▶
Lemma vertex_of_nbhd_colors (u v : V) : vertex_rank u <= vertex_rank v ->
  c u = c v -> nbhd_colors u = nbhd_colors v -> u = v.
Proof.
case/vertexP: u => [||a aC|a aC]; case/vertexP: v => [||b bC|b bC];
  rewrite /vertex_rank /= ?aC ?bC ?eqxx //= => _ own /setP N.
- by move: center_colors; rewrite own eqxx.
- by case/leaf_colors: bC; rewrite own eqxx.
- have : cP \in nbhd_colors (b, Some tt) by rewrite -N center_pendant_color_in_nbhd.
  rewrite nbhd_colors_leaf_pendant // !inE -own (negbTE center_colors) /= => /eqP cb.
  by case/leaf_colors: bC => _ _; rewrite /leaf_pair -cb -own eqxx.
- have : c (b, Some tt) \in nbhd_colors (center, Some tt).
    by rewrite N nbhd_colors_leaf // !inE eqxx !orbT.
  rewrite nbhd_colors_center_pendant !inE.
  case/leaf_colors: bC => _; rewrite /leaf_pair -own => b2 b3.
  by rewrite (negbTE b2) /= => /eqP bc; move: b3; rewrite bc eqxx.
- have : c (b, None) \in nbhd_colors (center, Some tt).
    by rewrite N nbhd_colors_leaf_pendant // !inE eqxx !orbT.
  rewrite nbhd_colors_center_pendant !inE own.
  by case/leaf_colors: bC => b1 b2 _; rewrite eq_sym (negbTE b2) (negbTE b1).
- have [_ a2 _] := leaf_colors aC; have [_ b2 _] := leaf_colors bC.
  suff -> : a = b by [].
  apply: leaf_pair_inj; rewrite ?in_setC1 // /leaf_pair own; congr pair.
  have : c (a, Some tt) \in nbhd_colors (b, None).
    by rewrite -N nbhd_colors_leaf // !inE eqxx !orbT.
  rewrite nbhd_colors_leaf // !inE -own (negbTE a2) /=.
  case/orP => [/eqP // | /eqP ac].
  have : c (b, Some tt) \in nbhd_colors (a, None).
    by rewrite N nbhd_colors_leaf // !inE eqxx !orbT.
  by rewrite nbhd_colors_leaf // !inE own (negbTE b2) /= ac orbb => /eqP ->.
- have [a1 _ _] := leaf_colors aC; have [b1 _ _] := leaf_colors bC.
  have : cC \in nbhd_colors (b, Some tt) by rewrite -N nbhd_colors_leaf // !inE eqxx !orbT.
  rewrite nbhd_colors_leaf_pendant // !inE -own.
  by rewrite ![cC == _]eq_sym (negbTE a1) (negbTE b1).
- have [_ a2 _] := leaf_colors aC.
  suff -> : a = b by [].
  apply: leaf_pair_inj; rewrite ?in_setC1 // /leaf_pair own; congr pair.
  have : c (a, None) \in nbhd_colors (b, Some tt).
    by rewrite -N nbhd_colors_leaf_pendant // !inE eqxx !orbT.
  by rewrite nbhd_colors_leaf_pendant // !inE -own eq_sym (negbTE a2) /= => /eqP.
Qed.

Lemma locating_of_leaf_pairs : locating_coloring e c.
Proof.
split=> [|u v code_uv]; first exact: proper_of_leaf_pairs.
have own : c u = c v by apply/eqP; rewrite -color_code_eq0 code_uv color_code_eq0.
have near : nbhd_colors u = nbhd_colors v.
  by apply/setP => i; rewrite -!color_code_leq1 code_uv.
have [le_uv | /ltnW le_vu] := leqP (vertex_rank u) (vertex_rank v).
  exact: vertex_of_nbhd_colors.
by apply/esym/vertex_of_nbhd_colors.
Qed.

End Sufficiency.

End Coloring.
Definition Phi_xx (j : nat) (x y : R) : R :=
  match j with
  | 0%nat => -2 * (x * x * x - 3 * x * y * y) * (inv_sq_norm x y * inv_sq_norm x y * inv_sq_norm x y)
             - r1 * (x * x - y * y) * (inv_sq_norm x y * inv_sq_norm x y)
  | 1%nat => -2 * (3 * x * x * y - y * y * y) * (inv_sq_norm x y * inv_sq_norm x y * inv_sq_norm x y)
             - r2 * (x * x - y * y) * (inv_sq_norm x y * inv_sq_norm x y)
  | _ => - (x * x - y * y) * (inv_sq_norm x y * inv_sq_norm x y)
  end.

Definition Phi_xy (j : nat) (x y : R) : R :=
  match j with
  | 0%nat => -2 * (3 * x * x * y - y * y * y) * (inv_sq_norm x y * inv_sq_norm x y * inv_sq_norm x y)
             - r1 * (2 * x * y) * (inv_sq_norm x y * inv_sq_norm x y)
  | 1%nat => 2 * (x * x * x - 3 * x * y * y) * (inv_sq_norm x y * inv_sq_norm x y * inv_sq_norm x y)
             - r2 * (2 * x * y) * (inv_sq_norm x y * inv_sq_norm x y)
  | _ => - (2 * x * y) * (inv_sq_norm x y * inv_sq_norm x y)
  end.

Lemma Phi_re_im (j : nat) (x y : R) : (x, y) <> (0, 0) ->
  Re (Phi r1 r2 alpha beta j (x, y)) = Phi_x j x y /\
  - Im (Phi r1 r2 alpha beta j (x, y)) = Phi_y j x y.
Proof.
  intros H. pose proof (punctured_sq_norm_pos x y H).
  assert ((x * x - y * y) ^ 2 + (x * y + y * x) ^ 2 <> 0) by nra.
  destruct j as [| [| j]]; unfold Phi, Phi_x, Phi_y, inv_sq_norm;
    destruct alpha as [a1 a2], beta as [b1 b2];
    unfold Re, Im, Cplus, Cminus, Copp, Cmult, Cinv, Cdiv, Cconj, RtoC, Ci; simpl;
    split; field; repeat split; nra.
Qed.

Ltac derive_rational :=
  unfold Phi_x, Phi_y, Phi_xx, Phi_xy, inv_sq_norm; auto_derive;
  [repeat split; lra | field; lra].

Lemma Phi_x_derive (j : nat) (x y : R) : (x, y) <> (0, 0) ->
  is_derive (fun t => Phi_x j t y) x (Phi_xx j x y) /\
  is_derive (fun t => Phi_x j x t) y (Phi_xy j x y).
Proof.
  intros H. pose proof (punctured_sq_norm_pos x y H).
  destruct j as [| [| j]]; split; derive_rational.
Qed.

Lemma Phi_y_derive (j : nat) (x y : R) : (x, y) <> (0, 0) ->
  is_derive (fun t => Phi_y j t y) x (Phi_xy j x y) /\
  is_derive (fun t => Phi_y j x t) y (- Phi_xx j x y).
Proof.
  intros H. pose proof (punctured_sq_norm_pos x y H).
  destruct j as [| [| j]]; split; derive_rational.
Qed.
◀
WHAT IS EXPECTED.
For this exercise, output exactly the lines above from the line with "Definition Phi_xx (j" to the line with "0%nat => -2 * (3", counting both, and leave out the rest.

THE ANSWER.
Definition Phi_xx (j : nat) (x y : R) : R :=
  match j with
  | 0%nat => -2 * (x * x * x - 3 * x * y * y) * (inv_sq_norm x y * inv_sq_norm x y * inv_sq_norm x y)
             - r1 * (x * x - y * y) * (inv_sq_norm x y * inv_sq_norm x y)
  | 1%nat => -2 * (3 * x * x * y - y * y * y) * (inv_sq_norm x y * inv_sq_norm x y * inv_sq_norm x y)
             - r2 * (x * x - y * y) * (inv_sq_norm x y * inv_sq_norm x y)
  | _ => - (x * x - y * y) * (inv_sq_norm x y * inv_sq_norm x y)
  end.

Definition Phi_xy (j : nat) (x y : R) : R :=
  match j with
  | 0%nat => -2 * (3 * x * x * y - y * y * y) * (inv_sq_norm x y * inv_sq_norm x y * inv_sq_norm x y)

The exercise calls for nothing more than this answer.